When you get hot rod lights up into the thousands, the eye really has trouble telling the difference between hundreds of lumens. Very deceptive, this hobby of ours.
I never saw the movie, but she was memorable anyway (I just put it into my Netflix queue, it should be fun). She was at least as memorable as the old Noxzema “Take it off, take it all off” girl from my early teens .
How about Bisquick (edit: This was totally a joke, no disrespect intended)? lol Café au lait? I think when I get mine, I’ll just call it “AWESOME!!” :heart_eyes:
In general, it is quite interesting firmware.
I’ll try it now flash in the Convoy C8.
From the description, I did not quite understand how the adjustment, but I think I can figure out.
What FUSE?
Why did you decide to abandon the separate control group of chips AMC7135?
1*7135 in the fifth leg, 2*7135 in the second, the other on the sixth leg of the microcontroller?
Bistroy ?
I like what is done here, true customer feedback engineering (if that makes any sense in my oh-so not native language…)
I like Bistro UI but can’t really enjoy it because of my uncontrollable taste for Turbo mode with 30Q…

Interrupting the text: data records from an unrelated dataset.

Lemma moments_grow (Hp : valid_params p) i :
  idx_ok len (3*i) -> INR i * d_min p <= sig (3*i)%nat.
Proof.
  destruct Hs as (H0&_&_&Hc&_).
  induction i as [|i IH]; intros Hi; [simpl; rewrite H0; lra|].
  rewrite S_INR.
  assert (Hi2 : idx_ok len (3*i+2)) by (apply (idx_ok_le len _ (3*S i) Hi); lia).
  assert (IH' := IH (idx_ok_le len (3*i) (3*S i) Hi ltac:(lia))).
  assert (A1 : sig (3*i)%nat < sig (3*i+1)%nat)
    by (apply sig_lt; [apply (idx_ok_le len _ (3*S i) Hi)|]; lia).
  assert (A2 : sig (3*i+2)%nat < sig (3*S i)%nat) by (apply sig_lt; [exact Hi | lia]).
  destruct (proj2 (Hc i Hi2)). lra.
Qed.

Lemma moment_interval_of_le u N :
  0 < u -> idx_ok len N -> u <= sig N ->
  exists j, idx_ok len (S j) /\ sig j < u <= sig (S j).
Proof.
  intros Hu. induction N as [|N IH]; intros HN HuN; [rewrite (proj1 Hs) in HuN; lra|].
  destruct (Rle_or_lt u (sig N)) as [L|L].
  - apply IH; [apply (idx_ok_le len N (S N) HN); lia | exact L].
  - exists N. split; [exact HN | lra].
Qed.

Lemma positive_time_cases (Hp : valid_params p) u : 0 < u ->
  (exists i, idx_ok len (3*i+1) /\ sig (3*i)%nat < u <= sig (3*i+1)%nat) \/
  (exists i, idx_ok len (3*i+3) /\ sig (3*i+1)%nat < u <= sig (3*i+2)%nat) \/
  (exists i, idx_ok len (3*i+3) /\ sig (3*i+2)%nat < u <= sig (3*i+3)%nat) \/
  (exists k, len = Some k /\ sig k < u).
Proof.
  intros Hu.
  assert (Hj : (exists j, idx_ok len (S j) /\ sig j < u <= sig (S j)) \/
               (exists k, len = Some k /\ sig k < u)).
  { assert (Hlen : (exists k, len = Some k) \/ len = None)
      by (destruct len; [left; eexists|right]; reflexivity).
    destruct Hlen as [[k Elen]|Elen].
    - destruct (Rle_or_lt u (sig k)) as [L|L]; [|right; now exists k].
      left. apply (moment_interval_of_le u k Hu); [rewrite Elen; simpl; lia | exact L].
    - left. pose proof Hp as (_&_&Hdm&_).
      destruct (INR_unbounded (u / d_min p)) as [i Hi].
      apply (moment_interval_of_le u (3*i) Hu); [now rewrite Elen|].
      assert (u < INR i * d_min p).
      { apply (Rmult_lt_compat_r (d_min p)) in Hi; [|exact Hdm].
        unfold Rdiv in Hi. rewrite Rmult_assoc, Rinv_l, Rmult_1_r in Hi; lra. }
      pose proof (moments_grow Hp i ltac:(now rewrite Elen)). lra. }
  destruct Hj as [[j [Hj Hu']]|Hlast]; [|now do 3 right].
  destruct (nat_mod3_cases j) as [i [-> |[-> | ->]]].
  - left. exists i. replace (3*i+1)%nat with (S (3*i)) by lia. auto.
  - right; left. exists i. replace (3*i+2)%nat with (S (3*i+1)) by lia.
    split; [|exact Hu']. apply idx_ok_incrossing_end.
    now replace (3*i+2)%nat with (S (3*i+1)) by lia.
  - do 2 right; left. exists i. replace (3*i+3)%nat with (S (3*i+2)) by lia. auto.
Qed.

End SignificantMoments.

Lemma right_limit_deadline_unique {T} (rho : R -> State T) c s1 s2 y :
  RightLim rho c s1 -> RightLim rho c s2 -> Deadline s1 y = Deadline s2 y.
Proof.
  intros [e1 [He1 H1]] [e2 [He2 H2]].
  set (u := c + Rmin e1 e2 / 2).
  assert (Hu : c < u < c + e1 /\ c < u < c + e2).
  { pose proof (Rmin_l e1 e2). pose proof (Rmin_r e1 e2).
    pose proof (Rmin_pos e1 e2 He1 He2). unfold u. lra. }
  destruct (H1 u (proj1 Hu)) as (_&D1&_). destruct (H2 u (proj2 Hu)) as (_&D2&_).
  now rewrite <- D1, <- D2.
Qed.

Lemma exec_consistent {T} p (M : Agent -> Prop) (s : State T) t :
  consistent (ctrl_upd p s t) ->
  consistent (fun u => exists A, M A /\ agent_upd p A s t u).
Proof.
  intros (C1&C2&_). split; [|split].
  - intros z e1 e2 [[|] [_ H1]] [[|] [_ H2]]; try contradiction. exact (C1 z e1 e2 H1 H2).
  - intros d1 d2 [[|] [_ H1]] [[|] [_ H2]]; try contradiction. exact (C2 d1 d2 H1 H2).
  - intros g1 g2 [[|] [_ H1]] [[|] [_ H2]]; try contradiction.
    destruct H1 as [[-> D1]|[-> D1]], H2 as [[-> D2]|[-> D2]]; congruence.
Qed.

Lemma deadline_kept {T} p (rho : R -> State T) c s y :
  is_run p rho -> 0 <= c -> RightLim rho c s ->
  (forall e, ~ ctrl_upd p (rho c) c (UDeadline y e)) ->
  Deadline s y = Deadline (rho c) y.
Proof.
  intros (_&Hfire&_) Hc HR Hno.
  destruct (classic (st_eq s (rho c))) as [(_&E&_)|NE]; [apply E|].
  destruct (Hfire c s Hc HR NE) as [[M [Hcons Hincons]] _].
  destruct (classic (consistent (fun u => exists A, M A /\ agent_upd p A (rho c) c u)))
    as [C|NC].
  - destruct (Hcons C) as (_&Hd&_). apply (proj2 (Hd y)).
    intros e [[|] [_ HA]]; [contradiction | exact (Hno e HA)].
  - now destruct (Hincons NC) as (_&E&_).
Qed.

It should, actually. FET drivers just crowbar the battery across the LED with minimal resistance, measured in milliohms (mΩ), so the voltage they’d drop would be negligible (Vf ~ Vb), vs 7135s which drop the difference between Vf of the LED at that current and the battery voltage, or about 0.1V (100mV) minimum. So 4.2V from a fresh cell and 3.6V Vf is a 600mV difference (vs much less with the FET).
Drive a red XP-E (~2V) with 7135s, and they’ll all join hands and limit current by soaking up all that excess voltage and burning it off as heat. Crowbar the battery directly across it with a DD FET driver, and the poor XP-E will die a horrible fiery death.
If it can be easily added, why not make it a option. $1 extra for cut out slit tail cap. I think it would do well. For those that have tried cut out slit tail caps, you won’t go back to regular ones.
No matter how recessed the switch is, you should still be able to turn on with gloves. But the cut outs just make it so much more comfortable and easier.
Huge thanks to the team that made this light and this firmware happen! Just flashed a S2+ with the mini-bistro and it is pretty much the most amazing piece of software I have seen on this light. Works out of the box on the S2+ with RMM’s Moonlight Special v3 driver and 4x 7135 (380mA).